Topological sorting using BFS
First, calculate indegree of all nodes and store it in vector.Then push all nodes with degree==0 in a queue.Take each node one by one out of queue and for all its child ,decrease their indegree by 1. After this if any child has indegree==0, push them in the queue.
code//The given code is for one component graph.
//You can find topological order for multiple component graph by calling this func for every unvisited node.

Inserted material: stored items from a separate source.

Lemma half_map_axis_poly_pos x : 0 < x < b -> 0 < axis_poly bm gm x.
Proof.
  intros Hx; destruct (half_map_variation x Hx) as [u1 [u2 [U [U10 U20]]]].
  destruct (Pi_half_map x Hx) as [Hy [p [q [T [HT [Z [P0 [Q0 [PT [QT _]]]]]]]]]].
  apply (axis_poly_pos bm gm x T p q u1 u2); (assumption || lra).
Qed.

Lemma half_map_is_derive x : 0 < x < b ->
  is_derive Pi x (x * axis_poly bm gm (Pi x) / (Pi x * axis_poly bm gm x)).
Proof.
  intros Hx; destruct (half_map_variation x Hx) as [u1 [u2 [U [U10 U20]]]].
  destruct (Pi_half_map x Hx) as [Hy [p [q [T [HT [Z [P0 [Q0 [PT [QT Hfirst]]]]]]]]]].
  apply (Pi_is_derive bm gm x T p q u1 u2) with (b := b); (assumption || lra).
Qed.

End HalfMap.

Lemma is_derive_RInt_bounds (f lo hi : R -> R) x dlo dhi r : 0 < r -> lo x <= hi x ->
  (forall z, lo x - r < z < hi x + r -> continuous f z) ->
  is_derive lo x dlo -> is_derive hi x dhi ->
  is_derive (fun s => RInt f (lo s) (hi s)) x (dhi * f (hi x) - dlo * f (lo x)).
Proof.
  intros Hr Hle Cf Hlo Hhi.
  eapply is_derive_eq;
    [|apply (is_derive_RInt_bound_comp f (fun a c => RInt f a c) lo hi dlo dhi x)];
    [reflexivity | | apply Cf; lra | apply Cf; lra | exact Hlo | exact Hhi].
  exists (mkposreal r Hr); intros [u v] [Hu Hv]; simpl in Hu, Hv |- *.
  change (Rabs (u - lo x) < r) in Hu; change (Rabs (v - hi x) < r) in Hv.
  apply Rabs_def2 in Hu; apply Rabs_def2 in Hv.
  apply (RInt_correct (V := R_CompleteNormedModule)).
  apply (ex_RInt_continuous (V := R_CompleteNormedModule)); intros z Hz; apply Cf.
  assert (Rmin u v > lo x - r) by (apply Rmin_Rgt_r; lra).
  assert (Rmax u v < hi x + r) by (apply Rmax_lub_lt; lra).
  lra.
Qed.

Lemma affine_pos_nbhd (c k l r : R) : l <= r -> 0 < c + k * l -> 0 < c + k * r ->
  exists rho, 0 < rho /\ forall z, l - rho < z < r + rho -> 0 < c + k * z.
Proof.
  intros Hlr Hl Hr.
  set (m := Rmin (c + k * l) (c + k * r)).
  assert (Hm : 0 < m /\ m <= c + k * l /\ m <= c + k * r)
    by (unfold m; split; [apply Rmin_pos|split; [apply Rmin_l|apply Rmin_r]]; lra).
  pose proof (Rabs_pos k).
  set (rho := m / (Rabs k + 1)).
  assert (Hk : Rabs k * rho < m).
  { apply (Rmult_lt_reg_r (Rabs k + 1)); [lra|].
    replace (Rabs k * rho * (Rabs k + 1)) with (Rabs k * m) by (unfold rho; field; lra).
    nra. }
  exists rho; split; [apply Rdiv_lt_0_compat; lra|].
  intros z Hz; destruct (Rle_or_lt 0 k).
  - rewrite Rabs_pos_eq in Hk by lra.
    assert (0 <= k * (z - (l - rho))) by (apply Rmult_le_pos; lra); nra.
  - rewrite Rabs_left in Hk by lra.
    assert (0 <= - k * (r + rho - z)) by (apply Rmult_le_pos; lra); nra.
Qed.

Lemma Xsl_affine B ap dp u : 0 < 1 + dp ->
  Xsl B ap dp u = (B - dp) / (1 + dp) + ap / (1 + dp) * u.
Proof. intros Hdp; unfold Xsl; field; lra. Qed.

Lemma Xsl_pos_numerator B ap dp u : 0 < 1 + dp -> 0 < Xsl B ap dp u -> 0 < B - dp + ap * u.
Proof.
  intros Hdp HX.
  replace (B - dp + ap * u) with (Xsl B ap dp u * (1 + dp)) by (unfold Xsl; field; lra).
  nra.
Qed.

Lemma I_tilde_is_derive B ap dp (Pi : R -> R) x dPi : 0 < 1 + dp -> Pi x <= x ->
  0 < Xsl B ap dp (Pi x) -> 0 < Xsl B ap dp x -> is_derive Pi x dPi ->
  is_derive (I_tilde B ap dp Pi) x (x / Xsl B ap dp x - dPi * (Pi x / Xsl B ap dp (Pi x))).
Proof.
  intros Hdp Hle Hy Hx HPi.
  rewrite (Xsl_affine B ap dp _ Hdp) in Hy; rewrite (Xsl_affine B ap dp _ Hdp) in Hx.
  destruct (affine_pos_nbhd _ _ _ _ Hle Hy Hx) as [rho [Hrho Pos]].
  eapply is_derive_eq;
    [|apply (is_derive_RInt_bounds (fun u => u / Xsl B ap dp u) Pi (fun s => s) x dPi 1 rho);
      [exact Hrho | exact Hle | | exact HPi | exact (is_derive_id x)]].
  - simpl; ring.
  - intros z Hz; specialize (Pos z Hz); rewrite <- Xsl_affine in Pos by lra.
    apply continuity_pt_filterlim, continuity_pt_div; [apply continuity_pt_id | | lra].
    unfold Xsl; apply continuity_pt_div;
      [| apply continuity_pt_const; intros ? ?; reflexivity | lra].
    apply continuity_pt_plus; [apply continuity_pt_const; intros ? ?; reflexivity|].
    apply continuity_pt_scal, continuity_pt_id.
Qed.

Lemma axis_poly_Xsl_cross B ap dp bm gm x y : 0 < 1 + dp ->
  axis_poly bm gm x * Xsl B ap dp y - axis_poly bm gm y * Xsl B ap dp x
  = (x - y) * Delta_bar B ap dp bm gm x y / (1 + dp).
Proof. intros Hdp; unfold axis_poly, Xsl, Delta_bar; field; lra. Qed.

Lemma I_tilde_is_derive_Delta B ap dp bm gm b (Pi : R -> R) x :
  dp > 0 -> gm > 0 -> bm <> 0 ->
  (forall x, 0 < x < b -> half_map bm gm x (Pi x)) ->
  (forall x, 0 <= x < b -> forall u, Pi x <= u <= x -> 0 < Xsl B ap dp u) ->
  0 < x < b ->
  exists k, 0 < k /\ is_derive (I_tilde B ap dp Pi) x (k * Delta_bar B ap dp bm gm x (Pi x)).
Proof.
  intros Hdp Hgm Hbm HPi HX Hx.
  pose proof (proj1 (HPi x Hx)) as Hy.
  pose proof (half_map_axis_poly_pos bm gm b Pi HPi Hgm Hbm x Hx) as Nx.
  assert (Xx : 0 < Xsl B ap dp x) by (apply (HX x); lra).
  assert (Xy : 0 < Xsl B ap dp (Pi x)) by (apply (HX x); lra).
  exists (x * (x - Pi x) / ((1 + dp) * axis_poly bm gm x * Xsl B ap dp x * Xsl B ap dp (Pi x))).
  split.
  { apply Rdiv_lt_0_compat; [nra|].
    apply Rmult_lt_0_compat; [apply Rmult_lt_0_compat; [apply Rmult_lt_0_compat|]|]; lra. }
  eapply is_derive_eq;
    [|apply (I_tilde_is_derive B ap dp Pi x _ ltac:(lra) ltac:(lra) Xy Xx
              (half_map_is_derive bm gm b Pi HPi Hgm Hbm x Hx))].
  assert (E : Delta_bar B ap dp bm gm x (Pi x) = (1 + dp) *
     (axis_poly bm gm x * Xsl B ap dp (Pi x) - axis_poly bm gm (Pi x) * Xsl B ap dp x) / (x - Pi x))
    by (rewrite axis_poly_Xsl_cross by lra; field; lra).
  rewrite E; field; repeat split; lra.
Qed.

Lemma Delta_bar_linear B ap dp bm gm x : bm <> 0 -> B - dp + ap * x <> 0 ->
  exists yr, forall y, Delta_bar B ap dp bm gm x y = bm * (B - dp + ap * x) * (y - yr).
Proof.
  intros Hbm Hx; exists (- (bm * (B - dp) * x - ap - gm * (B - dp)) / (bm * (B - dp + ap * x))).
  intros y; unfold Delta_bar; field; split; assumption.
Qed.

Lemma Delta_bar_sign_above B ap dp bm gm x y0 : bm <> 0 -> 0 < B - dp + ap * x ->
  (forall y, Delta_bar B ap dp bm gm x y = 0 -> y > y0) ->
  bm * Delta_bar B ap dp bm gm x y0 < 0.
Proof.
  intros Hbm Hx Habove.
  destruct (Delta_bar_linear B ap dp bm gm x Hbm ltac:(lra)) as [yr Hlin].
  specialize (Habove yr ltac:(rewrite Hlin; ring)).
  assert (0 < bm * bm * (B - dp + ap * x))
    by (apply Rmult_lt_0_compat; [destruct (Rlt_or_le 0 bm); nra | lra]).
  rewrite Hlin; nra.
Qed.

Lemma Delta_bar_sign_below B ap dp bm gm x y0 : bm <> 0 -> 0 < B - dp + ap * x ->
  (forall y, Delta_bar B ap dp bm gm x y = 0 -> y < y0) ->
  0 < bm * Delta_bar B ap dp bm gm x y0.
Proof.
  intros Hbm Hx Hbelow.
  destruct (Delta_bar_linear B ap dp bm gm x Hbm ltac:(lra)) as [yr Hlin].
  specialize (Hbelow yr ltac:(rewrite Hlin; ring)).
  assert (0 < bm * bm * (B - dp + ap * x))
    by (apply Rmult_lt_0_compat; [destruct (Rlt_or_le 0 bm); nra | lra]).
  rewrite Hlin; nra.
Qed.

Theorem lemma3p2 (B ap dp bm gm b : R) (Pi : R -> R) (J : R -> Prop) :
  B > dp -> dp > 0 ->
  (* Pi is the Poincare half-map of Z^- on [0,b[ *)
  Pi 0 = 0 ->
  (forall x, 0 < x < b -> half_map bm gm x (Pi x)) ->
  (* X^sl > 0 on [Pi x, x] for all x in [0,b[ *)
  (forall x, 0 <= x < b -> forall u, Pi x <= u <= x -> 0 < Xsl B ap dp u) ->
  bm <> 0 -> gm > 0 ->
  is_interval J -> (forall x, J x -> 0 < x < b) ->
  (bm < 0 ->
     (curve_above B ap dp bm gm Pi J ->
        forall x, J x ->
          Delta_bar B ap dp bm gm x (Pi x) > 0 /\
          exists d, is_derive (I_tilde B ap dp Pi) x d /\ d > 0) /\
     (curve_below B ap dp bm gm Pi J ->
        forall x, J x ->
          Delta_bar B ap dp bm gm x (Pi x) < 0 /\
          exists d, is_derive (I_tilde B ap dp Pi) x d /\ d < 0)) /\
  (bm > 0 ->
     (curve_above B ap dp bm gm Pi J ->
        forall x, J x ->
          Delta_bar B ap dp bm gm x (Pi x) < 0 /\
          exists d, is_derive (I_tilde B ap dp Pi) x d /\ d < 0) /\
     (curve_below B ap dp bm gm Pi J ->
        forall x, J x ->
          Delta_bar B ap dp bm gm x (Pi x) > 0 /\
          exists d, is_derive (I_tilde B ap dp Pi) x d /\ d > 0)).
Proof.
  intros _ Hdp _ HPi HX Hbm Hgm _ HJ.
  assert (Hslope : forall x, J x -> 0 < B - dp + ap * x).
  { intros x Jx; apply (Xsl_pos_numerator B ap dp x); [lra|].
    pose proof (HJ x Jx); pose proof (proj1 (HPi x (HJ x Jx))); apply (HX x); lra. }
  assert (Hderiv : forall x, J x -> exists k, 0 < k /\
            is_derive (I_tilde B ap dp Pi) x (k * Delta_bar B ap dp bm gm x (Pi x)))
    by (intros x Jx; exact (I_tilde_is_derive_Delta B ap dp bm gm b Pi x Hdp Hgm Hbm HPi HX
                                                    (HJ x Jx))).
  split; intros Hbm_sign; split; intros Hcurve x Jx;
    destruct (Hderiv x Jx) as [k [Hk HI]];
    first [ pose proof (Delta_bar_sign_above B ap dp bm gm x (Pi x) Hbm (Hslope x Jx) (Hcurve x Jx))
          | pose proof (Delta_bar_sign_below B ap dp bm gm x (Pi x) Hbm (Hslope x Jx) (Hcurve x Jx))
          ];
    match goal with |- ?sign /\ _ => assert (HD : sign) by nra end;
    (split; [exact HD | eexists; split; [exact HI | nra]]).
Qed.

vector<int> findTopo(int N,vector < vector <int> > &adj)
{
vector<int> indegree(N, 0);
for(int i = 0;i<N;i++)
for(auto it: adj[i])
indegree[it]++;
queue<int> q;
for(int i = 0;i<N;i++)
{
if(indegree[i] == 0) q.push(i);
}
vector<int> topo;
while(!q.empty())
{
int node = q.front();
q.pop();
topo.push_back(node)
for(auto child : adj[node])
{
indegree[child]--;
if(indegree[child] == 0)
q.push(child);
}
}
return topo;
}
Topological sorting using DFS
Topological order is the order of nodes in decreasing order of finishing time i.e. the node that gets finished at last comes first in order.
code//The given code is for one component graph.
//You can find topological order for multiple component graph by calling this func for every unvisited node.
void findTopoSort(int node, vector<int> &vis, stack<int> &st, vector<int> adj[])
{
vis[node] = 1;
for(auto it : adj[node])
{
if(!vis[it])
findTopoSort(it, vis, st, adj);
}
st.push(node);
}
Shortest path algorithms:
Shortest path of all nodes from a node in a uni-weighted undirected graph.
Use BFS for this because BFS visits nodes in a sequential manner. That is nodes at the same level are visited simultaneously. Run BFS and equate dist[node] = 1+dist[parent].
codevoid BFS(vector<int> adj[], int N, int src)
{
int dist[N];
dist[src] = 0;
for(int i = 1;i<N;i++) dist[i] = INT_MAX;
queue<int> q;
q.push(src);
while(q.empty()==false)
{
int node = q.front();
q.pop();
for(auto it:adj[node])
{
//no use of vis array because if a dist[node] is relaxed,
//it implies it is being visited first time.
if(dist[node] + 1 < dist[it])
{
dist[it]=dist[node]+1;
q.push(it);
}
}
}
for(int i = 0;i<N;i++) cout << dist[i] << " ";
}
Shortest path of all nodes from a node in a weighted DAG
The weights can be -ve.
Minimum sum to reach a node 'v' i.e. dist[v] is minimum of all (dist[u]+weight(u-->v)),where u is node from all its parents. Similarly, dist[u] is calculated with the help of its parents.We can observe that ultimately we have to start calculating dist[] from source node and in topological order ,we have to visit the nodes
We visit nodes in topological order and relax all its children. In this way, each node is relaxed by all its parents.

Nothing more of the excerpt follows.